**What you have to do**
All of the records must come back exactly as they were given.

· · ·

(* For every $\widehat r\in\mathbb{N}$ and every $m\ge1$, \[\mathrm{Var}(\mu^{(b^m\widehat r+1)})=\Big(1-\frac1{b^m}\Big)\mathrm{Var}(\mu^{(\widehat r)})+\frac1{b^m}\mathrm{Var}(\mu^{(\widehat r+1)})+b-\frac1{b^{m-1}}.\]
   Context: Fix an integer $b\ge2$. For $n\in\mathbb{N}$ with base-$b$ digits $n_k$, $s(n):=\sum_kn_k$. For $r,n\in\mathbb{N}$, $\Delta^{(r)}(n):=s(n+r)-s(n)$, and $\mu^{(r)}(d):=\lim_{N\to\infty}\frac1N|\{n<N:\Delta^{(r)}(n)=d\}|$ for $d\in\mathbb{Z}$; these limits exist and $\mu^{(r)}$ is a probability measure on $\mathbb{Z}$ with finite moments. $\mathrm{Var}(\mu^{(r)})$ is its variance. *)

From Stdlib Require Import Reals Lra Lia ZArith Arith List.
From Coquelicot Require Import Coquelicot.
Open Scope R_scope.

(* Base-b digit sum s(n) = sum_k n_k, computed with fuel; for b >= 2,
   fuel n suffices since n / b < n for n > 0. *)
Fixpoint digsum_aux (b fuel n : nat) : nat :=
  match fuel with
  | O => O
  | S f => (n mod b + digsum_aux b f (n / b))%nat
  end.

Definition digsum (b n : nat) : nat := digsum_aux b n n.

Definition Delta (b r n : nat) : Z :=
  (Z.of_nat (digsum b (n + r)) - Z.of_nat (digsum b n))%Z.

Definition count_Delta (b r : nat) (d : Z) (N : nat) : nat :=
  length (filter (fun n => Z.eqb (Delta b r n) d) (seq 0 N)).

Definition mu (b r : nat) (d : Z) : R :=
  real (Lim_seq (fun N => INR (count_Delta b r d N) / INR N)).

Definition sumZ (f : Z -> R) : R :=
  Series (fun k => f (Z.of_nat k)) + Series (fun k => f (- Z.of_nat k - 1)%Z).

Definition VarMu (m : Z -> R) : R :=
  sumZ (fun d => (IZR d) ^ 2 * m d) - (sumZ (fun d => IZR d * m d)) ^ 2.

(* Write r = b^m r' + t and n = b^m q + a with a < b^m.  The digit sum splits into a
   low and a high block, so Delta^(r)(n) = e(a) + Delta^(r' + c(a))(q), where
   c(a) = (a + t) / b^m is the carry out of the low block and e(a) is the change of
   its digit sum.  Averaging over the residue a, mu^(r) is the uniform mixture over a
   of the translates by e(a) of the measures mu^(r' + c(a)).  The shifts e(a) sum to
   zero (they are differences of digit sums under a rotation of the residues), so by
   strong induction on r (with b^1 blocks) every mu^(r) is a probability measure of
   mean 0 with finite second moment; the base case mu^(1) satisfies a recursion in
   d that forces a geometric left tail.  For t = 1 only a = b^m - 1 carries, hence
   the variance of mu^(b^m rh + 1) is the (1 - b^-m, b^-m) average of the variances
   of mu^(rh) and mu^(rh + 1) plus the mean of e(a)^2; the latter does not depend on
   rh and is read off from the case rh = 0, where Var mu^(0) = 0 and Var mu^(1) = b. *)

From Pilot Require Import Defs.
From Stdlib Require Import Reals.
From Coquelicot Require Import Coquelicot.
Open Scope R_scope.
From Stdlib Require Import Lra Lia ZArith Arith List.
(* Stdlib's [Reals] also exports a [Delta]; re-import ours to shadow it. *)
Import Defs.

(** * Finite sums and averages *)

Fixpoint rsum (f : nat -> R) (n : nat) : R :=
  match n with O => 0 | S k => rsum f k + f k end.

Lemma rsum_ext f g n : (forall i, (i < n)%nat -> f i = g i) -> rsum f n = rsum g n.
Proof. induction n as [|n IH]; simpl; intros H; [reflexivity|]. rewrite IH, H; auto. Qed.

Lemma rsum_plus f g n : rsum (fun i => f i + g i) n = rsum f n + rsum g n.
Proof. induction n; simpl; lra. Qed.

Lemma rsum_minus f g n : rsum (fun i => f i - g i) n = rsum f n - rsum g n.
Proof. induction n; simpl; lra. Qed.

Lemma rsum_scal c f n : rsum (fun i => c * f i) n = c * rsum f n.
Proof. induction n; simpl; lra. Qed.

Lemma rsum_const c n : rsum (fun _ => c) n = INR n * c.
Proof. induction n as [|n IH]; [simpl; ring|]. rewrite S_INR. simpl. rewrite IH. ring. Qed.

Lemma rsum_add f n k : rsum f (n + k) = rsum f n + rsum (fun i => f (n + i)%nat) k.
Proof.
  induction k as [|k IH]; [rewrite Nat.add_0_r; simpl; ring|].
  rewrite Nat.add_succ_r. simpl. rewrite IH. ring.
Qed.

Lemma rsum_shift1 f n : rsum f (S n) = f O + rsum (fun i => f (S i)) n.
Proof. induction n as [|n IH]; [simpl; ring|]. simpl in *. rewrite IH. ring. Qed.

Lemma rsum_split_last f g B : (0 < B)%nat ->
  (forall a, (a < B - 1)%nat -> f a = g a) -> rsum f B = rsum g (B - 1) + f (B - 1)%nat.
Proof.
  intros HB Hfg. destruct B as [|B]; [lia|].
  rewrite Nat.sub_succ, Nat.sub_0_r in *. simpl. f_equal. apply rsum_ext. assumption.
Qed.

Lemma rsum_block f B M :
  rsum f (B * M) = rsum (fun a => rsum (fun q => f (B * q + a)%nat) M) B.
Proof.
  induction M as [|M IH].
  - rewrite Nat.mul_0_r. simpl. rewrite rsum_const. ring.
  - rewrite Nat.mul_succ_r, rsum_add, IH. simpl. rewrite rsum_plus. reflexivity.
Qed.

Lemma rsum_rot h B t : (0 < B)%nat ->
  rsum (fun a => h ((a + t) mod B)%nat) B = rsum h B.
Proof.
  intros HB. induction t as [|t IH].
  - apply rsum_ext. intros i Hi. rewrite Nat.add_0_r, Nat.mod_small by lia. reflexivity.
  - rewrite <- IH. destruct B as [|B]; [lia|].
    rewrite (rsum_shift1 (fun a => h ((a + t) mod S B)%nat)).
    change (rsum ?f (S B)) with (rsum f B + f B). rewrite Rplus_comm. f_equal.
    + replace (B + S t)%nat with (t + 1 * S B)%nat by lia.
      rewrite Nat.Div0.mod_add. reflexivity.
    + apply rsum_ext. intros i Hi. do 2 f_equal. lia.
Qed.

Lemma rsum_bounds f n : (forall i, 0 <= f i <= 1) -> 0 <= rsum f n <= INR n.
Proof.
  intros Hf. induction n as [|n IH]; [simpl; lra|].
  rewrite S_INR. simpl. specialize (Hf n). lra.
Qed.

Definition avg (f : nat -> R) (N : nat) : R := rsum f N / INR N.

Lemma avg_bounds f N : (forall i, 0 <= f i <= 1) -> 0 <= avg f N <= 1.
Proof.
  intros Hf. pose proof (rsum_bounds f N Hf). unfold avg.
  destruct N as [|N]; [simpl; unfold Rdiv; rewrite Rmult_0_l; lra|].
  assert (0 < INR (S N)) by (apply lt_0_INR; lia).
  split; [apply Rdiv_le_0_compat; lra|].
  apply -> Rdiv_le_1; lra.
Qed.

· · ·

**Exercise result**
(* For every $\widehat r\in\mathbb{N}$ and every $m\ge1$, \[\mathrm{Var}(\mu^{(b^m\widehat r+1)})=\Big(1-\frac1{b^m}\Big)\mathrm{Var}(\mu^{(\widehat r)})+\frac1{b^m}\mathrm{Var}(\mu^{(\widehat r+1)})+b-\frac1{b^{m-1}}.\]
   Context: Fix an integer $b\ge2$. For $n\in\mathbb{N}$ with base-$b$ digits $n_k$, $s(n):=\sum_kn_k$. For $r,n\in\mathbb{N}$, $\Delta^{(r)}(n):=s(n+r)-s(n)$, and $\mu^{(r)}(d):=\lim_{N\to\infty}\frac1N|\{n<N:\Delta^{(r)}(n)=d\}|$ for $d\in\mathbb{Z}$; these limits exist and $\mu^{(r)}$ is a probability measure on $\mathbb{Z}$ with finite moments. $\mathrm{Var}(\mu^{(r)})$ is its variance. *)

From Stdlib Require Import Reals Lra Lia ZArith Arith List.
From Coquelicot Require Import Coquelicot.
Open Scope R_scope.

(* Base-b digit sum s(n) = sum_k n_k, computed with fuel; for b >= 2,
   fuel n suffices since n / b < n for n > 0. *)
Fixpoint digsum_aux (b fuel n : nat) : nat :=
  match fuel with
  | O => O
  | S f => (n mod b + digsum_aux b f (n / b))%nat
  end.

Definition digsum (b n : nat) : nat := digsum_aux b n n.

Definition Delta (b r n : nat) : Z :=
  (Z.of_nat (digsum b (n + r)) - Z.of_nat (digsum b n))%Z.

Definition count_Delta (b r : nat) (d : Z) (N : nat) : nat :=
  length (filter (fun n => Z.eqb (Delta b r n) d) (seq 0 N)).

Definition mu (b r : nat) (d : Z) : R :=
  real (Lim_seq (fun N => INR (count_Delta b r d N) / INR N)).

Definition sumZ (f : Z -> R) : R :=
  Series (fun k => f (Z.of_nat k)) + Series (fun k => f (- Z.of_nat k - 1)%Z).

Definition VarMu (m : Z -> R) : R :=
  sumZ (fun d => (IZR d) ^ 2 * m d) - (sumZ (fun d => IZR d * m d)) ^ 2.

(* Write r = b^m r' + t and n = b^m q + a with a < b^m.  The digit sum splits into a
   low and a high block, so Delta^(r)(n) = e(a) + Delta^(r' + c(a))(q), where
   c(a) = (a + t) / b^m is the carry out of the low block and e(a) is the change of
   its digit sum.  Averaging over the residue a, mu^(r) is the uniform mixture over a
   of the translates by e(a) of the measures mu^(r' + c(a)).  The shifts e(a) sum to
   zero (they are differences of digit sums under a rotation of the residues), so by
   strong induction on r (with b^1 blocks) every mu^(r) is a probability measure of
   mean 0 with finite second moment; the base case mu^(1) satisfies a recursion in
   d that forces a geometric left tail.  For t = 1 only a = b^m - 1 carries, hence
   the variance of mu^(b^m rh + 1) is the (1 - b^-m, b^-m) average of the variances
   of mu^(rh) and mu^(rh + 1) plus the mean of e(a)^2; the latter does not depend on
   rh and is read off from the case rh = 0, where Var mu^(0) = 0 and Var mu^(1) = b. *)

From Pilot Require Import Defs.
From Stdlib Require Import Reals.
From Coquelicot Require Import Coquelicot.
Open Scope R_scope.
From Stdlib Require Import Lra Lia ZArith Arith List.
(* Stdlib's [Reals] also exports a [Delta]; re-import ours to shadow it. *)
Import Defs.

(** * Finite sums and averages *)

Fixpoint rsum (f : nat -> R) (n : nat) : R :=
  match n with O => 0 | S k => rsum f k + f k end.

Lemma rsum_ext f g n : (forall i, (i < n)%nat -> f i = g i) -> rsum f n = rsum g n.
Proof. induction n as [|n IH]; simpl; intros H; [reflexivity|]. rewrite IH, H; auto. Qed.

Lemma rsum_plus f g n : rsum (fun i => f i + g i) n = rsum f n + rsum g n.
Proof. induction n; simpl; lra. Qed.

Lemma rsum_minus f g n : rsum (fun i => f i - g i) n = rsum f n - rsum g n.
Proof. induction n; simpl; lra. Qed.

Lemma rsum_scal c f n : rsum (fun i => c * f i) n = c * rsum f n.
Proof. induction n; simpl; lra. Qed.

Lemma rsum_const c n : rsum (fun _ => c) n = INR n * c.
Proof. induction n as [|n IH]; [simpl; ring|]. rewrite S_INR. simpl. rewrite IH. ring. Qed.

Lemma rsum_add f n k : rsum f (n + k) = rsum f n + rsum (fun i => f (n + i)%nat) k.
Proof.
  induction k as [|k IH]; [rewrite Nat.add_0_r; simpl; ring|].
  rewrite Nat.add_succ_r. simpl. rewrite IH. ring.
Qed.

Lemma rsum_shift1 f n : rsum f (S n) = f O + rsum (fun i => f (S i)) n.
Proof. induction n as [|n IH]; [simpl; ring|]. simpl in *. rewrite IH. ring. Qed.

Lemma rsum_split_last f g B : (0 < B)%nat ->
  (forall a, (a < B - 1)%nat -> f a = g a) -> rsum f B = rsum g (B - 1) + f (B - 1)%nat.
Proof.
  intros HB Hfg. destruct B as [|B]; [lia|].
  rewrite Nat.sub_succ, Nat.sub_0_r in *. simpl. f_equal. apply rsum_ext. assumption.
Qed.

Lemma rsum_block f B M :
  rsum f (B * M) = rsum (fun a => rsum (fun q => f (B * q + a)%nat) M) B.
Proof.
  induction M as [|M IH].
  - rewrite Nat.mul_0_r. simpl. rewrite rsum_const. ring.
  - rewrite Nat.mul_succ_r, rsum_add, IH. simpl. rewrite rsum_plus. reflexivity.
Qed.

Lemma rsum_rot h B t : (0 < B)%nat ->
  rsum (fun a => h ((a + t) mod B)%nat) B = rsum h B.
Proof.
  intros HB. induction t as [|t IH].
  - apply rsum_ext. intros i Hi. rewrite Nat.add_0_r, Nat.mod_small by lia. reflexivity.
  - rewrite <- IH. destruct B as [|B]; [lia|].
    rewrite (rsum_shift1 (fun a => h ((a + t) mod S B)%nat)).
    change (rsum ?f (S B)) with (rsum f B + f B). rewrite Rplus_comm. f_equal.
    + replace (B + S t)%nat with (t + 1 * S B)%nat by lia.
      rewrite Nat.Div0.mod_add. reflexivity.
    + apply rsum_ext. intros i Hi. do 2 f_equal. lia.
Qed.

Lemma rsum_bounds f n : (forall i, 0 <= f i <= 1) -> 0 <= rsum f n <= INR n.
Proof.
  intros Hf. induction n as [|n IH]; [simpl; lra|].
  rewrite S_INR. simpl. specialize (Hf n). lra.
Qed.

Definition avg (f : nat -> R) (N : nat) : R := rsum f N / INR N.

Lemma avg_bounds f N : (forall i, 0 <= f i <= 1) -> 0 <= avg f N <= 1.
Proof.
  intros Hf. pose proof (rsum_bounds f N Hf). unfold avg.
  destruct N as [|N]; [simpl; unfold Rdiv; rewrite Rmult_0_l; lra|].
  assert (0 < INR (S N)) by (apply lt_0_INR; lia).
  split; [apply Rdiv_le_0_compat; lra|].
  apply -> Rdiv_le_1; lra.
Qed.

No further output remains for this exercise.